La contestazione dell’AGCM, infatti, era legata alla ripubblicazione della circolare nel sito internet del CNF e nella banca dati gestita da Wolters Kluwer Italia S.r.l., circostanza che avrebbe comportato una reintroduzione dell’obbligatorietà dei minimi tariffari in violazione con la normativa. Pertanto, vero che “è sufficiente che un’intesa abbia un oggetto anticoncorrenziale ai fini della sua qualificazione in termini di illiceità” a prescindere dal fatto che abbia materialmente prodotto effetti sul mercato, tuttavia “la ripubblicazione nel 2008 di tale documento […] non può avere avuto di certo lo scopo che l’Agcm gli attribuisce atteso che in alcun caso esso avrebbe potuto essere raggiunto proprio per il comportamento tenuto, nel 2007, dal Cnf”.

Infatti, la circolare in questione era stata espressamente superata da una successiva circolare (n. 23/2007), che è stata sempre visibile sul sito del CNF e che, in ogni caso, è stata trasmessa a tutti i Consigli dell’Ordine, ai quali “è stato ufficialmente comunicato, con un atto della stessa natura e portata della circolare del 2006, che quanto affermato nel 2006 non poteva più considerarsi operante”, non essendo certamente sufficiente ad individuare la volontà anticoncorrenziale del CNF la mera ripubblicazione della circolare sul proprio sito internet.

Per quanto riguarda i motivi relativi al parere n. 48/2012, invece, il TAR conferma la decisione assunta dall’AGCM e rigetta le contestazioni del CNF, secondo il quale la funzione dei siti web quali quello oggetto del parere richiesto dal Consiglio dell’Ordine di Verbania non si limiterebbe alla mera pubblicità, ma si proporrebbe, a titolo oneroso, di mettere in contatto l’offerente e il consumatore destinatario della proposta, assumendo la funzione di vero e proprio procacciatore di clienti in violazione del Codice deontologico.

Privo di rilievo risulta l’asserito vizio del provvedimento impugnato derivante da un travisamento del fatto stigmatizzato nel parere n. 48/2012, che non sarebbe l’uso di un nuovo canale di diffusione delle informazioni relative all’attività professionale, quanto una pubblicità priva di seria informazione e indeterminata, avente ad oggetto solo una percentuale di sconto senza alcuna indicazione del prezzo su cui calcolarlo e senza alcuna descrizione dell’attività offerta. In realtà, rileva il TAR, le imputazioni mosse al CNF dall’AGCM hanno ad oggetto proprio quest’ultimo aspetto, e comunque entrambi i profili sono stati esaminati dal provvedimento impugnato.

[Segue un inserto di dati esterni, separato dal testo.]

(* Let $((A,\cdot),N)$ be a Nijenhuis algebra and $((M,\triangleright,\triangleleft),N_M)$ a Nijenhuis bimodule over it. Then there is a bijection $\mathcal{E}xt^2((A,N),(M,N_M))\cong H^2_{\mathrm{NAlg}}((A,N);(M,N_M))$.
   Context: Over a field of characteristic $0$. Nijenhuis algebra: associative $(A,\cdot)$ with linear $N$, $N(a)N(b)=N(N(a)b+aN(b)-N(ab))$; a homomorphism of Nijenhuis algebras is an algebra morphism commuting with the operators. Nijenhuis bimodule: $A$-bimodule $(M,\triangleright,\triangleleft)$ with linear $N_M$ such that $N(a)\triangleright N_M(u)=N_M(N(a)\triangleright u+a\triangleright N_M(u)-N_M(a\triangleright u))$ and $N_M(u)\triangleleft N(a)=N_M(N_M(u)\triangleleft a+u\triangleleft N(a)-N_M(u\triangleleft a))$. An abelian extension of $((A,\cdot),N)$ by $(M,N_M)$ is a Nijenhuis algebra $((E,\cdot_E),N_E)$ with a short exact sequence $0\to((M,0),N_M)\xrightarrow{i}((E,\cdot_E),N_E)\xrightarrow{p}((A,\cdot),N)\to0$ of Nijenhuis algebra homomorphisms, where $M$ carries the zero multiplication. For any linear section $s$ of $p$, $a\triangleright u=s(a)\cdot_Ei(u)$, $u\triangleleft a=i(u)\cdot_Es(a)$ (identifying $M$ with $i(M)$) is independent of $s$ and, with $N_M$, is a Nijenhuis bimodule structure on $M$ (the induced one). Two abelian extensions $E,E'$ are isomorphic if there is a Nijenhuis algebra isomorphism $\varphi:E\to E'$ with $\varphi\circ i=i'$ and $p'\circ\varphi=p$. $\mathcal{E}xt^2((A,N),(M,N_M))$ is the set of isomorphism classes of abelian extensions whose induced Nijenhuis bimodule structure is the prescribed $((M,\triangleright,\triangleleft),N_M)$. Cohomology: $C^0_{\mathrm{NAlg}}=0$, $C^1_{\mathrm{NAlg}}=\mathrm{Hom}(A,M)$, $C^n_{\mathrm{NAlg}}((A,N);(M,N_M))=\mathrm{Hom}(A^{\otimes n},M)\oplus\mathrm{Hom}(A^{\otimes n-1},M)$ ($n\ge2$); $\delta_{\mathrm{NAlg}}(f)=(\delta_{\mathrm{Hoch}}f,-\partial^{N,N_M}f)$ on $C^1$, $\delta_{\mathrm{NAlg}}(\chi,F)=(\delta_{\mathrm{Hoch}}\chi,\ d_{N,N_M}F+(-1)^n\partial^{N,N_M}\chi)$ on $C^n$, $n\ge2$. Here $(\delta_{\mathrm{Hoch}}f)(a_1,\dots,a_{n+1})=a_1\triangleright f(a_2,\dots)+\sum_{i=1}^n(-1)^if(\dots,a_ia_{i+1},\dots)+(-1)^{n+1}f(a_1,\dots,a_n)\triangleleft a_{n+1}$; $(d_{N,N_M}F)(a_1,\dots,a_{n+1})=N(a_1)\triangleright F(a_2,\dots,a_{n+1})-(-1)^nF(a_1,\dots,a_n)\triangleleft N(a_{n+1})+\sum_{i=1}^n(-1)^iF(a_1,\dots,a_{i-1},N(a_i)a_{i+1}+a_iN(a_{i+1})-N(a_ia_{i+1}),\dots,a_{n+1})-N_M((\delta_{\mathrm{Hoch}}F)(a_1,\dots,a_{n+1}))$ for $n\ge1$; $\partial^{N,N_M}(f)(a_1,\dots,a_n)=\sum_{S\subseteq\{1..n\}}(-1)^{|S|}N_M^{|S|}(f(b_1,\dots,b_n))$ with $b_i=a_i$ for $i\in S$, $b_i=N(a_i)$ otherwise. $H^2_{\mathrm{NAlg}}$ = 2-cocycles mod 2-coboundaries. *)

From HB Require Import structures.
From mathcomp Require Import all_boot all_order all_algebra.
Set Implicit Arguments. Unset Strict Implicit. Unset Printing Implicit Defensive.
Import GRing.Theory.
Local Open Scope ring_scope.

Section Nijenhuis.
Variable K : fieldType.

(* bilinear maps  U x V -> W  (= Hom(U (x) V, W)) *)
Definition bilinear_map (U V W : lmodType K) (f : U -> V -> W) : Prop :=
  (forall v, linear (fun u => f u v)) /\ (forall u, linear (f u)).

Definition is_nijenhuis_algebra (A : lmodType K) (mul : A -> A -> A) (N : A -> A) : Prop :=
  [/\ bilinear_map mul, associative mul, linear N &
      (forall a b, mul (N a) (N b) = N (mul (N a) b + mul a (N b) - N (mul a b)))].

Section Alg.
Variable A : lmodType K.
Variables (mul : A -> A -> A) (N : A -> A).
Variable M : lmodType K.
Variables (lact : A -> M -> M) (ract : M -> A -> M) (NM : M -> M).

Definition is_nijenhuis_bimodule : Prop :=
  [/\ bilinear_map lact, bilinear_map ract & linear NM] /\
  [/\ (forall a b u, lact (mul a b) u = lact a (lact b u)),
      (forall a b u, ract u (mul a b) = ract (ract u a) b),
      (forall a b u, ract (lact a u) b = lact a (ract u b)),
      (forall a u, lact (N a) (NM u)
                  = NM (lact (N a) u + lact a (NM u) - NM (lact a u))) &
      (forall a u, ract (NM u) (N a)
                  = NM (ract (NM u) a + ract u (N a) - NM (ract u a)))].

Record abelian_extension := AbExt {
  ext_E : lmodType K;
  ext_mul : ext_E -> ext_E -> ext_E;
  ext_N : ext_E -> ext_E;
  ext_i : M -> ext_E;
  ext_p : ext_E -> A;
  ext_nij : is_nijenhuis_algebra ext_mul ext_N;
  (* i : ((M,0),NM) -> ((E,mulE),NE) is a Nijenhuis algebra homomorphism *)
  ext_i_lin : linear ext_i;
  ext_i_mul : forall u v, ext_i (0 : M) = ext_mul (ext_i u) (ext_i v);
  ext_i_N : forall u, ext_i (NM u) = ext_N (ext_i u);
  ext_p_lin : linear ext_p;
  ext_p_mul : forall x y, ext_p (ext_mul x y) = mul (ext_p x) (ext_p y);
  ext_p_N : forall x, ext_p (ext_N x) = N (ext_p x);
  ext_i_inj : injective ext_i;
  ext_p_surj : forall a, exists x, ext_p x = a;
  ext_exact : forall x, ext_p x = 0 <-> exists u, x = ext_i u;
  (* the induced Nijenhuis bimodule structure is the prescribed one *)
  ext_induced : forall s : A -> ext_E, linear s -> cancel s ext_p ->
    forall a u, ext_mul (s a) (ext_i u) = ext_i (lact a u) /\
                ext_mul (ext_i u) (s a) = ext_i (ract u a)
}.

Definition ext_iso (E E' : abelian_extension) : Prop :=
  exists phi : ext_E E -> ext_E E',
    [/\ linear phi & bijective phi] /\
    [/\ (forall x y, phi (ext_mul x y) = ext_mul (phi x) (phi y)),
        (forall x, phi (ext_N x) = ext_N (phi x)),
        (forall u, phi (ext_i E u) = ext_i E' u) &
        (forall x, ext_p (phi x) = ext_p x)].

Definition hoch1 (f : A -> M) : A -> A -> M :=
  fun a1 a2 => lact a1 (f a2) - f (mul a1 a2) + ract (f a1) a2.

Definition hoch2 (chi : A -> A -> M) : A -> A -> A -> M :=
  fun a1 a2 a3 => lact a1 (chi a2 a3) - chi (mul a1 a2) a3
                  + chi a1 (mul a2 a3) - ract (chi a1 a2) a3.

(* partial^{N,NM} on Hom(A,M) : sum over S subset {1} *)
Definition partial1 (f : A -> M) : A -> M :=
  fun a => f (N a) - NM (f a).

(* partial^{N,NM} on Hom(A (x) A, M) : sum over S subset {1,2} *)
Definition partial2 (chi : A -> A -> M) : A -> A -> M :=
  fun a1 a2 => chi (N a1) (N a2) - NM (chi a1 (N a2)) - NM (chi (N a1) a2)
               + NM (NM (chi a1 a2)).

Definition dNN1 (F : A -> M) : A -> A -> M :=
  fun a1 a2 => lact (N a1) (F a2) + ract (F a1) (N a2)
               - F (mul (N a1) a2 + mul a1 (N a2) - N (mul a1 a2))
               - NM (hoch1 F a1 a2).

(* 2-cocycles of C^*_NAlg((A,N);(M,NM)) :
   delta_NAlg (chi, F) = (hoch chi, d F + (-1)^2 partial chi) = 0 *)
Record cocycle2 := Cocycle2 {
  coc_chi : A -> A -> M;
  coc_F : A -> M;
  coc_chi_bilin : bilinear_map coc_chi;
  coc_F_lin : linear coc_F;
  coc_hoch : forall a1 a2 a3, hoch2 coc_chi a1 a2 a3 = 0;
  coc_N : forall a1 a2, dNN1 coc_F a1 a2 + partial2 coc_chi a1 a2 = 0
}.

(* cohomologous 2-cocycles: the difference is
   delta_NAlg f = (hoch f, - partial f) for some f in C^1 = Hom(A,M) *)
Definition cohomologous (c c' : cocycle2) : Prop :=
  exists f : A -> M, [/\ linear f,
    (forall a1 a2, coc_chi c a1 a2 - coc_chi c' a1 a2 = hoch1 f a1 a2) &
    (forall a, coc_F c a - coc_F c' a = - partial1 f a)].

End Alg.
End Nijenhuis.

(* Choose a linear section s of p (Zorn's lemma provides one: the modules may be
   infinite dimensional).  Every x in E is uniquely s(a) + i(u), and in these
   coordinates
     (a,u) (b,v) = (ab, chi(a,b) + a |> v + u <| b),
     N_E (a,u)   = (N a, F a + N_M u),
   where chi(a,b) and F(a) are the M-parts of s(a) s(b) and N_E (s a).
   Associativity and the Nijenhuis identity of E are exactly the two components
   of delta_NAlg (chi, F) = 0; replacing s by s + i f changes (chi, F) by
   delta_NAlg f; an isomorphism of extensions carries a section to a section with
   the same (chi, F), and conversely equal cocycles give the isomorphism
   s(a) + i(u) |-> s'(a) + i'(u).  Finally every 2-cocycle is realised by the
   formulas above on A x M. *)

From mathcomp Require Import all_boot all_algebra.
From mathcomp Require Import boolp classical_sets.
Set Implicit Arguments. Unset Strict Implicit. Unset Printing Implicit Defensive.
Import GRing.Theory.
Local Open Scope ring_scope.

Section LinearMaps.
Variables (K : fieldType) (U V : lmodType K) (f : U -> V).
Hypothesis f_lin : linear f.

Lemma lin0 : f 0 = 0.
Proof.
have f00 := f_lin 1 0 0; rewrite scaler0 addr0 scale1r in f00.
by apply: (addIr (f 0)); rewrite add0r -f00.
Qed.

Lemma linD x y : f (x + y) = f x + f y.
Proof. by have := f_lin 1 x y; rewrite !scale1r. Qed.

Lemma linZ k x : f (k *: x) = k *: f x.
Proof. by rewrite -[k *: x]addr0 f_lin lin0 addr0. Qed.

Lemma linN x : f (- x) = - f x.
Proof. by rewrite -scaleN1r linZ scaleN1r. Qed.

Definition linE := (lin0, linD, linN, linZ).

End LinearMaps.

Section BilinearMaps.
Variables (K : fieldType) (U V W : lmodType K) (g : U -> V -> W).
Hypothesis g_bilin : bilinear_map g.

Lemma bilin0l v : g 0 v = 0. Proof. exact: (lin0 (g_bilin.1 v)). Qed.
Lemma bilinDl x y v : g (x + y) v = g x v + g y v. Proof. exact: (linD (g_bilin.1 v)). Qed.
Lemma bilinNl x v : g (- x) v = - g x v. Proof. exact: (linN (g_bilin.1 v)). Qed.
Lemma bilinZl k x v : g (k *: x) v = k *: g x v. Proof. exact: (linZ (g_bilin.1 v)). Qed.
Lemma bilin0r u : g u 0 = 0. Proof. exact: (lin0 (g_bilin.2 u)). Qed.
Lemma bilinDr u x y : g u (x + y) = g u x + g u y. Proof. exact: (linD (g_bilin.2 u)). Qed.
Lemma bilinNr u x : g u (- x) = - g u x. Proof. exact: (linN (g_bilin.2 u)). Qed.
Lemma bilinZr u k x : g u (k *: x) = k *: g u x. Proof. exact: (linZ (g_bilin.2 u)). Qed.

Definition bilinE :=
  (bilin0l, bilinDl, bilinNl, bilinZl, bilin0r, bilinDr, bilinNr, bilinZr).

End BilinearMaps.

(* A reflexive decision procedure for identities in an additive group: both
   sides are read as integer combinations of atoms (maximal subterms not built
   from [+], [-] and [0]) and compared coefficientwise. *)
Inductive zterm := ZAtom of nat | ZZero | ZAdd of zterm & zterm | ZOpp of zterm.

Fixpoint zterm_coef t i : int :=
  match t with
  | ZAtom n => (n == i)%:Z
  | ZZero => 0
  | ZAdd t1 t2 => zterm_coef t1 i + zterm_coef t2 i
  | ZOpp t1 => - zterm_coef t1 i
  end.

Fixpoint zterm_bound t : nat :=
  match t with
  | ZAtom n => n.+1
  | ZZero => 0
  | ZAdd t1 t2 => maxn (zterm_bound t1) (zterm_bound t2)
  | ZOpp t1 => zterm_bound t1
  end.

Section ZtermEval.
Variable V : zmodType.

Fixpoint zterm_eval (env : seq V) t : V :=
  match t with
  | ZAtom n => nth 0 env n
  | ZZero => 0
  | ZAdd t1 t2 => zterm_eval env t1 + zterm_eval env t2
  | ZOpp t1 => - zterm_eval env t1
  end.

Lemma zterm_eval_sum env t n : (zterm_bound t <= n)%N ->
  zterm_eval env t = \sum_(0 <= i < n) nth 0 env i *~ zterm_coef t i.
Proof.
elim: t => [j | | t1 IH1 t2 IH2 | t1 IH1] /= bound_t.
- rewrite (bigD1_seq j) ?mem_index_iota ?iota_uniq //= eqxx mulr1z big1 ?addr0 //.
  by move=> i /negbTE; rewrite eq_sym => ->.
- by rewrite big1 // => i _; rewrite mulr0z.
- move: bound_t; rewrite geq_max => /andP[b1 b2].
  by rewrite IH1 // IH2 // -big_split; apply: eq_bigr => i _; rewrite mulrzDr.
- by rewrite IH1 // -sumrN; apply: eq_bigr => i _; rewrite mulrNz.
Qed.

Lemma zterm_eval_eq env t1 t2 :
  all (fun i => zterm_coef t1 i == zterm_coef t2 i)
      (iota 0 (maxn (zterm_bound t1) (zterm_bound t2))) ->
  zterm_eval env t1 = zterm_eval env t2.
Proof.
move=> /allP same_coef; set n := maxn (zterm_bound t1) (zterm_bound t2).
rewrite (@zterm_eval_sum env t1 n) ?leq_maxl // (@zterm_eval_sum env t2 n) ?leq_maxr //.
apply: eq_big_seq => i; rewrite mem_index_iota => lt_in.
by rewrite (eqP (same_coef i _)) // mem_iota.
Qed.

End ZtermEval.

Ltac zterm_append env x :=
  match env with
  | nil => constr:(x :: nil)
  | ?h :: ?r => let r' := zterm_append r x in constr:(h :: r')
  end.

Ltac zterm_index x env :=
  match env with
  | x :: _ => constr:(0%N)
  | _ :: ?r => let n := zterm_index x r in constr:(n.+1)
  end.

Ltac zterm_reify t env :=
  match t with
  | @GRing.add _ ?a ?b =>
      match zterm_reify a env with (?ta, ?env1) =>
      match zterm_reify b env1 with (?tb, ?env2) => constr:((ZAdd ta tb, env2)) end end
  | @GRing.opp _ ?a =>
      match zterm_reify a env with (?ta, ?env1) => constr:((ZOpp ta, env1)) end
  | @GRing.zero _ => constr:((ZZero, env))
  | _ =>
      match goal with
      | _ => let n := zterm_index t env in constr:((ZAtom n, env))
      | _ => let n := eval compute in (size env) in
             let env' := zterm_append env t in constr:((ZAtom n, env'))
      end
  end.

Ltac zmod_eq :=
  match goal with |- @eq ?T ?x ?y =>
    match zterm_reify x (@nil T) with (?tx, ?env1) =>
    match zterm_reify y env1 with (?ty, ?env) =>
      apply: (@zterm_eval_eq _ env tx ty); vm_compute; reflexivity
    end end
  end.

Lemma subr0_of_eq (V : zmodType) (x y : V) : x = y -> x - y = 0.
Proof. by move->; rewrite subrr. Qed.

(* Closes [x = y] when [x - y] is, up to sign, the difference of the two sides of [h]. *)
Ltac zmod_eq_from h :=
  let h0 := fresh "h0" in
  have h0 := subr0_of_eq h;
  apply: subr0_eq;
  first [ apply: (etrans _ h0); zmod_eq
        | apply: (etrans _ (etrans (congr1 -%R h0) oppr0)); zmod_eq ].

Section LinearSection.
Variables (K : fieldType) (U V : lmodType K) (f : U -> V).
Hypotheses (f_lin : linear f) (f_surj : forall a, exists x, f x = a).
Local Open Scope classical_set_scope.

Definition lin_closed (S : set U) := forall k x y, S x -> S y -> S (k *: x + y).

Definition ker_transversal (S : set U) :=
  lin_closed S /\ forall x, S x -> f x = 0 -> x = 0.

Il TAR, inoltre, concorda con la tesi, accertata in sede di istruttoria, che AmicaCard non svolge attività di intermediazione, ma “mette solo a disposizione dell’avvocato, in cambio di un corrispettivo in denaro, uno spazio on line nel quale questi può presentare l’attività professionale svolta e proporre uno sconto all’utente che decida di utilizzare i suoi servigi” fermo il fatto che “per l’eventuale conferimento del mandato (non essendo il primo approccio per nulla vincolante) si seguiranno le vie ordinarie”.

Infine, il Collegio, ribadendo la correttezza del criterio adottato dall’AGCM per il calcolo della sanzione (valore relativo ai contributi versati dagli avvocati inscritti negli albi e negli elenchi moltiplicato per il coefficiente di gravità assegnato alla violazione e per il numero di anni della stessa), precisa che il quantum dovrà essere rivisto solo nella parte in cui l’AGCM aveva considerato come intesa anche la circolare 22-C/2006, rimettendo all’AGCM la rideterminazione del nuovo ammontare.